The following legal principles guide our analysis of the plaintiff‘s discrimination claim. “The [legal] framework this court employs in assessing disparate treatment discrimination claims under Connecticut law was adapted from the United States Supreme Court‘s decision in McDonnell Douglass Corp. v. Green, 411 U.S. 792, 802, 93 S. Ct. 1817, 36 L. Ed. 2d 668 (1973), and its progeny.”5 (Internal quotation marks omitted.) Tomick v. United Parcel Services, Inc., 157 Conn. App. 312, 325, 115 A.3d 1143 (2015), aff‘d, 324 Conn. 470, 153 A.3d 615 (2016). Accordingly, under our state law, in order for the plaintiff to prevail on her claim of race discrimination based on disparate treatment, she must first establish a prima facie case of discrimination. “To establish a prima facie case of discrimination . . . the [plaintiff] must demonstrate that (1) [she] is in a proteсted class; (2) [she] was qualified for the position; (3) [she] suffered an adverse employment action; and (4) that the adverse action occurred under circumstances giving rise to an inference of discrimination.” (Emphasis added; internal quotation marks omitted.) Jones v. Dept. of Children & Families, 172 Conn. App. 14, 25, 158 A.3d 356 (2017). “A plaintiff sustains an adverse employment action if he or she endures a materially adverse change in the terms and conditions of employment. . . . To be materially adverse a change in working conditions must be more disruptive than a mere inconvenience or an alteration of job responsibilities. . . . [A]n adverse employment action [has been defined] as a significant change in employment status, such as hiring, firing, failing to promote, reassignment with significantly different responsibilities, or a decision causing a significant change in benefits.” (Citation omitted; internal quotation marks omitted.) Amato v. Hearst Corp., supra, 149 Conn. App. 781; id., 783 (holding that employee failed to allege adverse employment aсtion as result of being placed on performance improvement plan because she did not additionally allege that her salary or benefits had decreased, or that there was change in employment status).

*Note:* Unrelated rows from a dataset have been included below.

Definition pair_edge (u v : incr_pair) : Prop :=
  snd (proj1_sig u) = fst (proj1_sig v) \/ lt (snd (proj1_sig v)) (fst (proj1_sig u)).

Lemma pair_edge_irrefl u : ~ pair_edge u u.
Proof.
  destruct u as [[a b] Hab]; unfold pair_edge; simpl in *.
  intros [->|Hba]; [exact (lt_irrefl _ Hab) | exact (lt_irrefl _ (lt_trans _ _ _ Hab Hba))].
Qed.

Lemma pair_edge_asym : digraph pair_edge.
Proof.
  intros [[a b] Hab] [[c d] Hcd]; unfold pair_edge; simpl in *.
  intros [->|Hdb] [->|Hba]; eapply lt_irrefl; eauto.
Qed.

Hypothesis lt_total : forall a b, a <> b -> lt a b \/ lt b a.
Variable K : Type.
Hypothesis profile_not_injective : forall h : L -> powerset K * powerset K, ~ Injective h.

(* If [b < b'] have the same profile, the colour of [(b, b')] also occurs on some [(a, b)]
   and some [(b', d)], and these three pairs form a directed triangle. *)
Lemma pair_monochromatic_triangle (c : incr_pair -> K) :
  exists x y z, pair_edge x y /\ pair_edge y z /\ pair_edge z x /\ c x = c y /\ c y = c z.
Proof.
  apply NNPP. intros Hno.
  pose (profile := fun b : L =>
    (fun k : K => exists a (H : lt a b), c (exist _ (a, b) H) = k,
     fun k : K => exists d (H : lt b d), c (exist _ (b, d) H) = k)).
  assert (Hdistinct : forall b b', lt b b' -> profile b <> profile b').
  { intros b b' Hbb' E.
    pose (y := exist (fun p : L * L => lt (fst p) (snd p)) (b, b') Hbb').
    assert (Hin : snd (profile b') (c y)) by (rewrite <- E; exists b', Hbb'; reflexivity).
    assert (Hout : fst (profile b) (c y)) by (rewrite E; exists b, Hbb'; reflexivity).
    destruct Hin as [d [Hd Ed]], Hout as [a [Ha Ea]].
    apply Hno. exists (exist _ (a, b) Ha), y, (exist _ (b', d) Hd).
    unfold pair_edge; simpl. repeat split; auto; congruence. }
  apply (profile_not_injective profile). intros b b' E. apply NNPP. intros Hne.
  destruct (lt_total b b' Hne) as [H|H];
    [exact (Hdistinct b b' H E) | exact (Hdistinct b' b H (eq_sym E))].
Qed.
End PairDigraph.
(* Let $k\geq 2$, let $G$ be a graph of order $n$, and let $w$ be a vertex of $G$. Suppose that every connected component $C$ of $G-w$ satisfies either $v(C)=2k$ or $e(C)\leq (k-1)\,v(C)$. If $n\geq 6k+13$, then $q(G)<n+2k-2$.
   Context: All graphs are finite and simple. $G-w$ is the graph obtained from $G$ by deleting the vertex $w$. $v(C)$ and $e(C)$ are the numbers of vertices and edges of $C$. For a graph $G$, the signless Laplacian is $Q(G)=D(G)+A(G)$, where $D(G)$ is the diagonal matrix of vertex degrees and $A(G)$ is the adjacency matrix; $q(G)$ denotes the largest eigenvalue of $Q(G)$. *)

From HB Require Import structures.
From mathcomp Require Import all_boot all_order all_algebra.
Set Implicit Arguments. Unset Strict Implicit. Unset Printing Implicit Defensive.
Import Order.TTheory GRing.Theory Num.Theory.

Definition simple_graph (T : finType) (e : rel T) : Prop :=
  symmetric e /\ irreflexive e.

Definition deg (T : finType) (e : rel T) (x : T) : nat := #|[set y | e x y]|.

Definition del_rel (T : finType) (e : rel T) (w : T) : rel T :=
  fun x y => [&& e x y, x != w & y != w].

Definition comp_del (T : finType) (e : rel T) (w x : T) : {set T} :=
  [set y | (y != w) && connect (del_rel e w) x y].

Definition ecount (T : finType) (e : rel T) (C : {set T}) : nat :=
  #|[set E : {set T} | (E \subset C) &&
       [exists x : T, exists y : T, [&& x != y, e x y & E == [set x; y]]]]|.

(* signless Laplacian Q(G) = D(G) + A(G), vertices indexed via enum_val *)
Definition signlessQ (R : nzRingType) (T : finType) (e : rel T) : 'M[R]_#|T| :=
  \matrix_(i, j)
    ((if i == j then (deg e (enum_val i))%:R else 0%R) +
     (e (enum_val i) (enum_val j))%:R)%R.

From HB Require Import structures.
From mathcomp Require Import all_boot all_order all_algebra.
From mathcomp Require Import zify.
Import Order.TTheory GRing.Theory Num.Theory.
Set Implicit Arguments. Unset Strict Implicit. Unset Printing Implicit Defensive.

(* Let n = |V(G)|, c = 2k - 2 and H = G - w.  The bound q(G) < n + c is proved
   with a positive test vector Y satisfying (Q Y)_x < (n + c) Y_x at every
   vertex x: for a nonnegative matrix this forces every eigenvalue below n + c
   (a Collatz-Wielandt type argument, eigenvalue_lt_of_subinvariant).
   The vector is
     Y_w = n (n - 1),
     Y_p = n (2k - 1) - 1        if the H-component of p has order 2k,
     Y_p = n (d_H(p) + 1) - 1    otherwise.
   Row w is controlled by the total weight of H, which is at most
   n (2k - 1) - 1 per vertex: on a component of order 2k this is the
   definition, on the other components it follows from the handshake lemma
   and e(C) <= (k - 1) v(C).  A row p != w is bounded by
   (d_H(p) + 1) Y_p + Y_w + sum of Y over the H-neighbours of p; outside the
   components of order 2k this is controlled by a bound on the degree sum of
   the H-neighbours of p.  The file first proves the linear-algebra bound and
   the arithmetic inequalities, then the combinatorics of the components of
   G - w, and finally combines them. *)

Section SubinvariantVector.
Local Open Scope ring_scope.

In the present case, the plaintiff alleges that Axelrod placed a disciplinary e-mail in her personnel file and also yelled at her in front of coworkers and members of the public for giving incorrect information. Federаl courts, however, have held that a disciplinary letter does not constitute a materially adverse employment action.6 See, e.g., Chang v. Safe Horizons, 254 Fed. Appx. 838, 839 (2d Cir. 2007) (holding that oral and written warnings do not constitute adverse employment actions); Joseph v. Leavitt, 465 F.3d 87, 91 (2d Cir. 2006) (“[t]he application of the [employer‘s] disciplinary policies to [the employee], without more, does not constitute [an] adverse employment action“); Mattern v. Eastman Kodak Co., 104 F.3d 702, 708 (5th Cir. 1997) (holding that disciplinary filings and supervisor‘s reprimands are not adverse еmployment actions), cert. denied, 522 U.S. 932, 118 S. Ct. 336, 139 L. Ed. 2d 260 (1997).
The reprimands and admonishments alleged by the plaintiff, in the absence of evidence showing that she was terminated, demoted or given diminished responsibilities, or that she suffered a decrease in salary or material loss in benefits, do not constitute an adverse employment action. We therefore conclude that the trial court properly struck the plaintiff‘s race discrimination claim.
The judgment is affirmed.
In this opinion the other judges concurred.